Risk factor	Adjusted odds ratio ( 95% CI )
Pancreatic cancer family history	1.23 (1.11–3.70)
Obesity	1.77 (1.22–2.57)
Diabetes	2.96 (1.48–5.92)
Smoking	1.78 (1.02–3.10 )
Age ( <60 vs. >60 )	4.830 (1.556–14.99)
Acute exacerbation of pancreatitis	2.566 (0.955–6.896)

Odds ratio^23,24.-

Role of screening and target population

Evaluating the advantages of cancer screening

There has been disagreement over the value of early detection and screening for many different types of cancer, but it is important to consider the supporting data²⁵. The death rates from colorectal, breast, and prostate cancers have significantly decreased in the United States over the past ten years²⁶. The decline in death rates can be partially attributed to increased and widespread screening for these three cancers. The noted decrease in mortality has been attributed in part to the identification of localized tumours that can be successfully treated through early detection through screening. It has been demonstrated that colorectal cancer screening increases survival²⁷. Techniques such as colonoscopy provide benefits for treatment and lower mortality. Different recommendations are produced as a result of conflicting evidence regarding the reduction of mortality in breast cancer screening (mammography) and prostate-specific antigen (PSA) testing for prostate cancer^28–33.

Pancreatic cancer screening is a complex task, and the techniques used today frequently have safety and accuracy issues. Even though early detection is crucial, current methods such as endoscopic retrograde cholangiopancreatography (ERCP) and endoscopic ultrasound (EUS) can cause discomfort and unfavourable reactions that can range from psychological distress to acute pancreatitis. This dilemma highlights the urgent need for novel screening methodologies. We have the potential to revolutionize early detection, minimize invasiveness, and maximize accuracy by utilizing cutting-edge technologies like liquid biopsy and artificial intelligence. Furthermore, putting patient-centred design first guarantees that safety is the top priority and that negative effects are kept to a minimum, which encourages at-risk populations to participate and build trust. By taking on these obstacles head-on, we can change the paradigm of pancreatic cancer screening and save lives while putting the needs of patients first.

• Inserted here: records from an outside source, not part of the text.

(* Let $n\ge1$, $p\in\,]1,2[$, $k_3>0$, and define $\phi_1,\phi_2:\mathbb{R}^n\to\mathbb{R}^n$ by $$\phi_1(e_1)=k_3e_1+(e_1^\top e_1)^{\frac{1-p}{3p-2}}e_1,$$ $$\phi_2(e_1)=k_3^2e_1+\frac{2k_3(2p-1)}{3p-2}(e_1^\top e_1)^{\frac{1-p}{3p-2}}e_1+\frac{p}{3p-2}(e_1^\top e_1)^{\frac{2(1-p)}{3p-2}}e_1.$$ Let $k_1,k_2>0$ be such that $\mathcal{A}^*=\begin{bmatrix}-k_1&1\\-k_2&0\end{bmatrix}$ is Hurwitz, let $\mathcal{Q}^*\in\mathbb{R}^{2\times2}$ be symmetric positive definite, and let $\mathcal{P}^*\succ0$ be the unique solution of $(\mathcal{A}^* )^\top\mathcal{P}^*+\mathcal{P}^*\mathcal{A}^*=-\mathcal{Q}^*$. Set $\gamma_1=k_3\lambda_{\min}\{\mathcal{Q}^*\}/\lambda_{\max}\{\mathcal{P}^*\}$. Consider the system under measurement noise $\mu\in\mathbb{R}^n$ with $\|\mu\|\le\bar\mu$: $$\dot e_1=-k_1\phi_1(e_1+\mu)+e_2,\qquad \dot e_2=-k_2\phi_2(e_1+\mu).$$ If $\gamma_1\ge\lambda_{\max}\{\mathcal{P}^*\}/\lambda_{\min}\{\mathcal{P}^*\}$, then this system is practically finite-time stable at the origin.
   Context: $\lambda_{\min}(\cdot),\lambda_{\max}(\cdot)$ denote the minimum and maximum eigenvalues of a symmetric matrix. A system is practically finite-time stable (PFTS) at the origin if its solutions converge in finite time to a bounded neighbourhood of the origin; specifically, this is certified by a positive definite $V$ with $\dot V\le-\lambda_1V-\lambda_2V^\alpha+\eta$ ($\lambda_1,\lambda_2,\eta>0$, $\alpha\in]0,1[$), in which case solutions reach in finite time the set $\{V\le\min\{\frac{\eta}{(1-\theta_0)\lambda_1},(\frac{\eta}{(1-\theta_0)\lambda_2})^{1/\alpha}\}\}$ for any $\theta_0\in]0,1[$. *)

From mathcomp Require Import all_boot all_order all_algebra.
From mathcomp Require Import all_classical all_reals all_analysis.
From mathcomp Require Import complex.
Set Implicit Arguments. Unset Strict Implicit. Unset Printing Implicit Defensive.
Import Order.TTheory GRing.Theory Num.Theory.
Local Open Scope ring_scope.

Section Defs.
Variable R : realType.

(* e^T e for a vector e of R^n, represented as a row vector e (so e *m e^T). *)
Definition sqnorm (n : nat) (e : 'rV[R]_n) : R := (e *m e^T) 0 0.

Definition enorm (n : nat) (e : 'rV[R]_n) : R := Num.sqrt (sqnorm e).

Definition state_norm (n : nat) (e1 e2 : 'rV[R]_n) : R :=
  Num.sqrt (sqnorm e1 + sqnorm e2).

Definition expo (p : R) : R := (1 - p) / (3 * p - 2).

Definition phi1 (n : nat) (k3 p : R) (e : 'rV[R]_n) : 'rV[R]_n :=
  k3 *: e + (sqnorm e `^ expo p) *: e.

Definition phi2 (n : nat) (k3 p : R) (e : 'rV[R]_n) : 'rV[R]_n :=
  (k3 ^+ 2) *: e
  + ((2 * k3 * (2 * p - 1)) / (3 * p - 2) * sqnorm e `^ expo p) *: e
  + (p / (3 * p - 2) * sqnorm e `^ (2 * expo p)) *: e.

(* A^* = [[-k1, 1], [-k2, 0]] *)
Definition Astar (k1 k2 : R) : 'M[R]_2 :=
  \matrix_(i < 2, j < 2)
    (if (i == 0) && (j == 0) then - k1
     else if (i == 0) then 1
     else if (j == 0) then - k2 else 0).

Definition hurwitz (m : nat) (A : 'M[R]_m) : Prop :=
  forall z : R[i], eigenvalue (map_mx (fun x : R => (x%:C)%C) A) z -> complex.Re z < 0.

Definition posdef (m : nat) (M : 'M[R]_m) : Prop :=
  M^T = M /\ forall v : 'rV[R]_m, v != 0 -> 0 < (v *m M *m v^T) 0 0.

Definition is_lambda_min (m : nat) (M : 'M[R]_m) (l : R) : Prop :=
  eigenvalue M l /\ forall y, eigenvalue M y -> l <= y.
Definition is_lambda_max (m : nat) (M : 'M[R]_m) (l : R) : Prop :=
  eigenvalue M l /\ forall y, eigenvalue M y -> y <= l.

Definition is_solution (n : nat) (k1 k2 k3 p : R) (mu : R -> 'rV[R]_n)
  (e1 e2 : R -> 'rV[R]_n) : Prop :=
  forall t : R, 0 < t -> forall i : 'I_n,
    is_derive t 1 (fun s => e1 s 0 i)
      ((- k1 *: phi1 k3 p (e1 t + mu t) + e2 t) 0 i) /\
    is_derive t 1 (fun s => e2 s 0 i)
      ((- k2 *: phi2 k3 p (e1 t + mu t)) 0 i).

Definition PFTS (n : nat) (k1 k2 k3 p mubar : R) : Prop :=
  exists r : R, 0 < r /\
    forall mu : R -> 'rV[R]_n, (forall t, 0 <= t -> enorm (mu t) <= mubar) ->
    forall e1 e2 : R -> 'rV[R]_n, is_solution k1 k2 k3 p mu e1 e2 ->
    exists T : R, 0 <= T /\ forall t, T <= t -> state_norm (e1 t) (e2 t) <= r.

End Defs.

(* In the coordinates z = (k3 e1, e2) the error dynamics read z' = k3 A* z + d,
   where d collects the noise and the fractional-power terms of phi1 and phi2.
   For V = sum_i z_i P z_i^T the Lyapunov equation and Young's inequality give
   V' <= -(k3 qm / 2) |z|^2 + C |d|^2, with qm a coercivity constant of Q.
   As 1 < p < 2, |d|^2 <= C' (|mu|^2 + s^b1 + s^b2) with s = |e1 + mu|^2 and
   exponents b1, b2 in ]0, 1[, so the perturbation is dominated by the linear
   decay up to a constant: V' + c V <= K. Comparison with the linear equation
   then bounds V, hence |(e1, e2)|, uniformly after a finite time. *)

From mathcomp Require Import all_boot all_order all_algebra.
From mathcomp Require Import all_classical all_reals all_analysis.
From mathcomp Require Import complex.
From mathcomp Require Import ring lra.
Import Order.TTheory GRing.Theory Num.Theory.
Local Open Scope ring_scope.

Section QuadraticForm2.
Context {R : realType}.
Implicit Types (M : 'M[R]_2) (a b u v x y : R).

Definition row2 x y : 'rV[R]_2 := \row_(j < 2) (if j == 0 then x else y).

Definition qf2 M x y := M 0 0 * x ^+ 2 + 2 * M 0 1 * x * y + M 1 1 * y ^+ 2.

(* For symmetric [M], the derivative of [qf2 M] at [(x, y)] along [(u, v)]. *)
Definition dqf2 M x y u v :=
  2 * (M 0 0 * x + M 0 1 * y) * u + 2 * (M 0 1 * x + M 1 1 * y) * v.

Lemma ord2_max : (ord_max : 'I_2) = 1. Proof. exact/val_inj. Qed.

Lemma ord2_widen_max : widen_ord (leqnSn 1) (ord_max : 'I_1) = 0 :> 'I_2.
Proof. exact/val_inj. Qed.

Lemma qf2E M x y : M 1 0 = M 0 1 ->
  (row2 x y *m M *m (row2 x y)^T) 0 0 = qf2 M x y.
Proof.
move=> Msym; rewrite !mxE !big_ord_recr big_ord0 /= !mxE !big_ord_recr !big_ord0.
by rewrite /= !mxE ord2_max ord2_widen_max /= Msym /qf2; ring.
Qed.

Lemma row2_eq0 x y : (row2 x y == 0) = (x == 0) && (y == 0).
Proof.
apply/eqP/andP => [/matrixP r0 | [/eqP-> /eqP->]].
  by split; apply/eqP; [have := r0 0 0 | have := r0 0 1]; rewrite !mxE.
by apply/matrixP => i j; rewrite !mxE; case: ifP.
Qed.

Lemma posdef2_sym M : posdef M -> M 1 0 = M 0 1.
Proof. by case=> MT _; rewrite -{1}MT mxE. Qed.

Lemma posdef2_qf2_gt0 M x y : posdef M -> (x != 0) || (y != 0) -> 0 < qf2 M x y.
Proof.
move=> Mpos xy0; have [_ Mgt0] := Mpos.
rewrite -qf2E ?posdef2_sym //; apply: Mgt0.
by rewrite row2_eq0 negb_and.
Qed.

Lemma posdef2_coercive M : posdef M ->
  exists2 m, 0 < m & forall x y, m * (x ^+ 2 + y ^+ 2) <= qf2 M x y.
Proof.
move=> Mpos.
have a0 : 0 < M 0 0.
  have -> : M 0 0 = qf2 M 1 0 by rewrite /qf2; ring.
  by apply: posdef2_qf2_gt0; rewrite ?oner_eq0.
have c0 : 0 < M 1 1.
  have -> : M 1 1 = qf2 M 0 1 by rewrite /qf2; ring.
  by apply: posdef2_qf2_gt0; rewrite ?oner_eq0 ?orbT.
have det0 : 0 < M 0 0 * M 1 1 - M 0 1 ^+ 2.
  have := posdef2_qf2_gt0 _ (M 0 1) (- M 0 0) Mpos.
  rewrite oppr_eq0 (gt_eqF a0) orbT => /(_ isT).
  have -> : qf2 M (M 0 1) (- M 0 0) = M 0 0 * (M 0 0 * M 1 1 - M 0 1 ^+ 2).
    by rewrite /qf2; ring.
  by rewrite pmulr_rgt0.
exists ((M 0 0 * M 1 1 - M 0 1 ^+ 2) / (M 0 0 + M 1 1)) => [|x y].
  by rewrite divr_gt0 // addr_gt0.
rewrite mulrAC ler_pdivrMr ?addr_gt0 // -subr_ge0.
have -> : qf2 M x y * (M 0 0 + M 1 1) - (M 0 0 * M 1 1 - M 0 1 ^+ 2) * (x ^+ 2 + y ^+ 2)
    = (M 0 0 * x + M 0 1 * y) ^+ 2 + (M 0 1 * x + M 1 1 * y) ^+ 2.
  by rewrite /qf2; ring.
by rewrite addr_ge0 ?sqr_ge0.
Qed.

Lemma ler_sqrD_2mul x y : `|2 * x * y| <= x ^+ 2 + y ^+ 2.
Proof.
rewrite ler_norml; apply/andP; split; rewrite -subr_ge0.
  have -> : 2 * x * y - - (x ^+ 2 + y ^+ 2) = (x + y) ^+ 2 by ring.
  exact: sqr_ge0.
have -> : x ^+ 2 + y ^+ 2 - 2 * x * y = (x - y) ^+ 2 by ring.
exact: sqr_ge0.
Qed.

Lemma qf2_le_norm M x y :
  qf2 M x y <= (`|M 0 0| + `|M 0 1| + `|M 1 1|) * (x ^+ 2 + y ^+ 2).
Proof.
have h0 : M 0 0 * x ^+ 2 <= `|M 0 0| * x ^+ 2 by rewrite ler_wpM2r ?sqr_ge0 ?ler_norm.
have h1 : M 1 1 * y ^+ 2 <= `|M 1 1| * y ^+ 2 by rewrite ler_wpM2r ?sqr_ge0 ?ler_norm.
have hxy : 2 * M 0 1 * x * y <= `|M 0 1| * (x ^+ 2 + y ^+ 2).
  rewrite (_ : _ * x * y = M 0 1 * (2 * x * y)); last by ring.
  by rewrite (le_trans (ler_norm _)) // normrM ler_wpM2l ?ler_sqrD_2mul.
have := mulr_ge0 (normr_ge0 (M 0 0)) (sqr_ge0 y).
have := mulr_ge0 (normr_ge0 (M 1 1)) (sqr_ge0 x).
rewrite /qf2; lra.
Qed.

Lemma mul2_le_young a u d : 0 < d -> 2 * a * u <= d * a ^+ 2 + u ^+ 2 / d.
Proof.
move=> d0; rewrite -subr_ge0.
have -> : d * a ^+ 2 + u ^+ 2 / d - 2 * a * u = (d * a - u) ^+ 2 / d.
  by field; rewrite gt_eqF.
by rewrite divr_ge0 ?sqr_ge0 ?ltW.
Qed.

Lemma dqf2_le_young M x y u v eps : 0 < eps ->
  dqf2 M x y u v <= eps * (x ^+ 2 + y ^+ 2)
    + (M 0 0 ^+ 2 + 2 * M 0 1 ^+ 2 + M 1 1 ^+ 2 + 1) / eps * (u ^+ 2 + v ^+ 2).
Proof.
move=> eps0; set L := _ + 1.
have L0 : 0 < L.
  by have := sqr_ge0 (M 0 0); have := sqr_ge0 (M 0 1); have := sqr_ge0 (M 1 1); rewrite /L; lra.
set a := M 0 0 * x + M 0 1 * y; set b := M 0 1 * x + M 1 1 * y.
have ab : a ^+ 2 + b ^+ 2 <= L * (x ^+ 2 + y ^+ 2).
  rewrite -subr_ge0.
  have -> : L * (x ^+ 2 + y ^+ 2) - (a ^+ 2 + b ^+ 2) =
      (M 0 0 * y - M 0 1 * x) ^+ 2 + (M 0 1 * y - M 1 1 * x) ^+ 2 + (x ^+ 2 + y ^+ 2).
    by rewrite /L /a /b; ring.
  by rewrite !addr_ge0 ?sqr_ge0.
have d0 : 0 < eps / L by rewrite divr_gt0.
have := mul2_le_young a u _ d0; have := mul2_le_young b v _ d0.
have -> : u ^+ 2 / (eps / L) = L / eps * u ^+ 2 by field; rewrite !gt_eqF.
have -> : v ^+ 2 / (eps / L) = L / eps * v ^+ 2 by field; rewrite !gt_eqF.
have : eps / L * a ^+ 2 + eps / L * b ^+ 2 <= eps * (x ^+ 2 + y ^+ 2).
  by rewrite -mulrDr (le_trans (ler_wpM2l (ltW d0) ab)) // mulrA divfK ?gt_eqF.
rewrite /dqf2 -/a -/b mulrDr; lra.
Qed.
(* Let $\mathcal{H}$ be a complex Hilbert space, let $T, S\in\mathbb{B}(\mathcal{H})$, and let $N(\cdot)$ be a self-adjoint algebra norm on $\mathbb{B}(\mathcal{H})$. Then, for each choice of sign $\pm$, $$w_{N}(TS) \leq \min\Big\{N(T)w_{N}(S) + \tfrac{1}{2} w_{N}(TS \pm ST^* ),\ N(S)w_{N}(T) + \tfrac{1}{2} w_{N}(TS \pm S^*T)\Big\} \leq 2\min\Big\{N(T)w_{N}(S),\ N(S)w_{N}(T)\Big\} \leq 4w_{N}(T)w_{N}(S).$$
   Context: $\mathbb{B}(\mathcal{H})$ is the algebra of bounded linear operators on $\mathcal{H}$. A norm $N(\cdot)$ on $\mathbb{B}(\mathcal{H})$ is an algebra norm if $N(TS)\le N(T)N(S)$ for all $T,S$, and self-adjoint if $N(T^* )=N(T)$ for all $T$. For $A\in\mathbb{B}(\mathcal{H})$, ${\rm Re}(A)=\frac{A+A^*}{2}$. The generalized numerical radius is $w_N(T)=\sup_{\theta\in\mathbb{R}} N\big({\rm Re}(e^{i\theta}T)\big)$. *)

From HB Require Import structures.
From mathcomp Require Import all_boot all_order all_algebra.
From mathcomp Require Import classical_sets reals trigo.
From mathcomp Require complex.
Import complex.ComplexField.
From Stdlib Require Import ClassicalEpsilon.
Set Implicit Arguments. Unset Strict Implicit. Unset Printing Implicit Defensive.
Import Order.TTheory GRing.Theory Num.Theory.
Local Open Scope ring_scope.

Notation CC R := (complex.complex R).

Section Hilbert.
Variables (R : realType) (V : lmodType (CC R)) (inner : V -> V -> CC R).

Definition is_inner_product : Prop :=
  [/\ (forall (a : CC R) (x y z : V), inner (a *: x + y) z = a * inner x z + inner y z),
      (forall x y : V, inner y x = complex.conjc (inner x y)),
      (forall x : V, 0 <= inner x x) &
      (forall x : V, inner x x = 0 -> x = 0)].

Definition hnorm (x : V) : R := Num.sqrt (complex.Re (inner x x)).

Definition hcomplete : Prop :=
  forall u : nat -> V,
    (forall e : R, 0 < e -> exists N : nat, forall m n : nat,
         (N <= m)%N -> (N <= n)%N -> hnorm (u m - u n) < e) ->
    exists l : V, forall e : R, 0 < e -> exists N : nat, forall n : nat,
         (N <= n)%N -> hnorm (u n - l) < e.

Definition is_hilbert : Prop := is_inner_product /\ hcomplete.

Definition bounded_op (A : V -> V) : Prop :=
  (forall (a : CC R) (x y : V), A (a *: x + y) = a *: A x + A y) /\
  exists M : R, forall x : V, hnorm (A x) <= M * hnorm x.

Definition op_add (A B : V -> V) : V -> V := fun x => A x + B x.
Definition op_scale (c : CC R) (A : V -> V) : V -> V := fun x => c *: A x.
Definition op_mul (A B : V -> V) : V -> V := fun x => A (B x).
Definition op_zero : V -> V := fun _ => 0.

Definition adjoint (A : V -> V) : V -> V :=
  epsilon (inhabits op_zero)
    (fun B : V -> V => forall x y : V, inner (A x) y = inner x (B y)).

Definition ReOp (A : V -> V) : V -> V :=
  op_scale (2%:R)^-1 (op_add A (adjoint A)).

Definition algebra_norm (N : (V -> V) -> R) : Prop :=
  [/\ (forall A, bounded_op A -> 0 <= N A),
      (forall A, bounded_op A -> N A = 0 -> A = op_zero),
      (forall c A, bounded_op A -> N (op_scale c A) = complex.ComplexField.Normc.normc c * N A),
      (forall A B, bounded_op A -> bounded_op B -> N (op_add A B) <= N A + N B) &
      (forall A B, bounded_op A -> bounded_op B -> N (op_mul A B) <= N A * N B)].

Definition selfadjoint_norm (N : (V -> V) -> R) : Prop :=
  forall A, bounded_op A -> N (adjoint A) = N A.

Definition expi (t : R) : CC R := complex.Complex (cos t) (sin t).

Definition wN (N : (V -> V) -> R) (A : V -> V) : R :=
  sup [set N (ReOp (op_scale (expi t) A)) | t in [set: R]]%classic.
End Hilbert.

(* Since N (Re (e^{it} X)) <= w_N(X) for all t, the identity
   Re (e^{it} TS) = (Re (e^{it} (TS + sW)) + Re (e^{it} (TS - sW))) / 2
   gives w_N(TS) <= (w_N(TS + sW) + w_N(TS - sW)) / 2 for every W.
   For W = S T^* and s = +-1 there is a Leibniz-type identity
   Re (e^{it} (TS + s S T^* )) = T P + s P T^* with P = (e^{it} S + s (e^{it} S)^* ) / 2,
   and P is Re (e^{it} S) for s = 1 and i Re (e^{i(t - pi/2)} S) for s = -1, so
   w_N(TS +- S T^* ) <= 2 N(T) w_N(S); symmetrically for W = S^* T.
   Finally T = Re T + i Im T gives N(T) <= 2 w_N(T).
   Adjoints of bounded operators exist by the Riesz representation theorem,
   proved by minimizing the norm on the affine hyperplane {f = 1}. *)

From Pilot Require Import Defs.
From mathcomp Require Import all_boot all_order all_algebra.
From mathcomp Require Import boolp classical_sets reals trigo.
From mathcomp Require complex.
From mathcomp Require Import ring lra.
From Stdlib Require Import ClassicalEpsilon.
Import Order.TTheory GRing.Theory Num.Theory.
Import complex complex.ComplexField.Normc.
Set Implicit Arguments. Unset Strict Implicit. Unset Printing Implicit Defensive.
Local Open Scope ring_scope.
Local Open Scope complex_scope.

Section ComplexParts.
Variable R : realType.
Implicit Types z w : R[i].

Lemma complex_ext z w : Re z = Re w -> Im z = Im w -> z = w.
Proof. by case: z => a b; case: w => c d /= -> ->. Qed.

Lemma cReD z w : Re (z + w) = Re z + Re w. Proof. by case: z; case: w. Qed.
Lemma cImD z w : Im (z + w) = Im z + Im w. Proof. by case: z; case: w. Qed.
Lemma cReN z : Re (- z) = - Re z. Proof. by case: z. Qed.
Lemma cImN z : Im (- z) = - Im z. Proof. by case: z. Qed.
Lemma cReM z w : Re (z * w) = Re z * Re w - Im z * Im w. Proof. by case: z; case: w. Qed.
Lemma cImM z w : Im (z * w) = Re z * Im w + Im z * Re w. Proof. by case: z; case: w. Qed.
Lemma cReJ z : Re (conjc z) = Re z. Proof. by case: z. Qed.
Lemma cImJ z : Im (conjc z) = - Im z. Proof. by case: z. Qed.

Definition cRIE := (cReD, cImD, cReN, cImN, cReM, cImM, cReJ, cImJ).

Lemma normc_ge0 z : 0 <= normc z.
Proof. by case: z => a b; apply: sqrtr_ge0. Qed.

Lemma normc_sqr z : normc z ^+ 2 = Re z ^+ 2 + Im z ^+ 2.
Proof. by case: z => a b; rewrite /= sqr_sqrtr // addr_ge0 ?sqr_ge0. Qed.

Lemma normc_i : normc 'i = 1 :> R.
Proof. by rewrite /= expr0n add0r expr1n sqrtr1. Qed.

Lemma normc_sign (s : R[i]) : s = 1 \/ s = -1 -> normc s = 1.
Proof. by case=> ->; rewrite ?normcN normc1. Qed.

Lemma normc_half : normc (2%:R^-1 : R[i]) = 2%:R^-1.
Proof. by rewrite normcV normcMn normc1. Qed.

End ComplexParts.

Lemma normc_expi (R : realType) (t : R) : normc (expi t) = 1.
Proof. by rewrite /= cos2Dsin2 sqrtr1. Qed.

Lemma expiBpihalf (R : realType) (t : R) : expi (t - pi / 2%:R) = - 'i * expi t.
Proof.
by apply: complex_ext; rewrite /expi cosBpihalf sinBpihalf !cRIE /=; ring.
Qed.

Section InnerProduct.
Variables (R : realType) (V : lmodType R[i]) (inner : V -> V -> R[i]).
Hypothesis ip : is_inner_product inner.
Local Notation nrm2 x := (Re (inner x x)).
Local Notation hnorm := (hnorm inner).
Implicit Types (x y z : V) (a : R[i]).

Lemma innerDl x y z : inner (x + y) z = inner x z + inner y z.
Proof. by case: ip => h _ _ _; have := h 1 x y z; rewrite scale1r mul1r. Qed.

Lemma inner0l z : inner 0 z = 0.
Proof. by apply: (addrI (inner 0 z)); rewrite -innerDl !addr0. Qed.

Lemma innerZl a x z : inner (a *: x) z = a * inner x z.
Proof. by case: ip => h _ _ _; have := h a x 0 z; rewrite !addr0 inner0l addr0. Qed.

Lemma innerC x y : inner y x = conjc (inner x y).
Proof. by case: ip. Qed.

Lemma innerDr x y z : inner z (x + y) = inner z x + inner z y.
Proof. by rewrite innerC innerDl rmorphD /= -!innerC. Qed.

Lemma innerZr a x z : inner z (a *: x) = conjc a * inner z x.
Proof. by rewrite innerC innerZl rmorphM /= -innerC. Qed.

Lemma inner0r z : inner z 0 = 0.
Proof. by rewrite innerC inner0l rmorph0. Qed.

Lemma innerNl x z : inner (- x) z = - inner x z.
Proof. by rewrite -scaleN1r innerZl mulN1r. Qed.

Lemma innerNr x z : inner z (- x) = - inner z x.
Proof. by rewrite -scaleN1r innerZr rmorphN1 mulN1r. Qed.

Lemma innerBl x y z : inner (x - y) z = inner x z - inner y z.
Proof. by rewrite innerDl innerNl. Qed.

Lemma innerBr x y z : inner z (x - y) = inner z x - inner z y.
Proof. by rewrite innerDr innerNr. Qed.

Definition innerE := (innerDl, innerDr, innerZl, innerZr, innerNl, innerNr,
  inner0l, inner0r).

Lemma inner_self x : inner x x = (nrm2 x)%:C.
Proof.
case: ip => _ _ + _ => /(_ x); rewrite lecE => /andP[/eqP Im0 _].
by apply: complex_ext; rewrite //= Im0.
Qed.

Lemma nrm2_ge0 x : 0 <= nrm2 x.
Proof. by case: ip => _ _ + _ => /(_ x); rewrite lecE => /andP[]. Qed.

Lemma nrm2_eq0 x : nrm2 x = 0 -> x = 0.
Proof. by case: ip => _ _ _ + nx0; apply; rewrite inner_self nx0. Qed.

Lemma nrm2D x y : nrm2 (x + y) = nrm2 x + 2%:R * Re (inner x y) + nrm2 y.
Proof. by rewrite !innerE (innerC x y) !cRIE; ring. Qed.

Lemma nrm2N x : nrm2 (- x) = nrm2 x.
Proof. by rewrite innerNl innerNr opprK. Qed.

Lemma nrm2Z a x : nrm2 (a *: x) = normc a ^+ 2 * nrm2 x.
Proof. by rewrite innerZl innerZr inner_self normc_sqr !cRIE /=; ring. Qed.

Lemma nrm2_parallelogram x y :
  nrm2 (x - y) + nrm2 (x + y) = 2%:R * nrm2 x + 2%:R * nrm2 y.
Proof. by rewrite !nrm2D nrm2N innerNr cReN; ring. Qed.

Lemma eq_inner_l x y : (forall z, inner x z = inner y z) -> x = y.
Proof.
move=> eq_xy; apply/eqP; rewrite -subr_eq0; apply/eqP/nrm2_eq0.
by rewrite innerBl eq_xy -innerBl subrr inner0l.
Qed.

Lemma eq_inner_r x y : (forall z, inner z x = inner z y) -> x = y.
Proof. by move=> eq_xy; apply: eq_inner_l => z; rewrite innerC eq_xy -innerC. Qed.

(* Expand [0 <= nrm2 (n x - p y)] with [n = nrm2 y] and [p = inner x y]. *)
Lemma normc_inner_sqr_le x y : normc (inner x y) ^+ 2 <= nrm2 x * nrm2 y.
Proof.
have [y0|ny_neq0] := eqVneq (nrm2 y) 0.
  by rewrite (nrm2_eq0 y0) inner0r normc0 expr0n /= inner0r mulr0.
have ny_gt0 : 0 < nrm2 y by rewrite lt_def ny_neq0 nrm2_ge0.
have := nrm2_ge0 ((nrm2 y)%:C *: x - inner x y *: y).
rewrite !(innerBl, innerBr, innerZl, innerZr) (innerC x y) (inner_self x) (inner_self y).
rewrite normc_sqr; move: (inner x y) (nrm2 x) (nrm2 y) ny_gt0 => [p q] nx ny ny_gt0.
rewrite !cRIE /= => h; nra.
Qed.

Programs for screening people may be biased by nature, which could inflate the intervention’s advantages³⁴. The perceived efficacy of screening initiatives may be impacted by these biases, which include lead-time and length bias. Lead-time bias occurs when patients who have undergone screening appear to have a longer survival time without the screening having an impact on the disease’s natural progression³⁵. It results from identifying tumours earlier in their progression without altering the ultimate time of death. Length bias is observed when screening programs tend to detect tumours with a longer natural history, contributing to debates in breast and prostate cancer screening about whether identifying and treating such cancers truly affects overall outcomes³⁴. In screening validation studies for pancreatic cancer, it is essential to contemplate strategies aimed at mitigating the impact of lead-time and length biases.

For whom is screening recommended?

In line with their 2004 recommendation, the United States Preventive Services Task Force (UPSTF) recommended against screening for pancreatic cancer in adults who do not exhibit any symptoms in 2019. Interestingly, evaluation for high-risk individuals with particular genetic syndromes or familial pancreatic cancer is not included in this guidance. However, this recommendation also took into account people with other pancreatic risk factors, such as older age, obesity, smoking, diabetes, or a history of chronic pancreatitis. The evidence review conducted by UPSTF highlighted the dangers of overdiagnosis and overtreatment and found no evidence of a benefit for the general public in having pancreatic cancer screenings³⁶.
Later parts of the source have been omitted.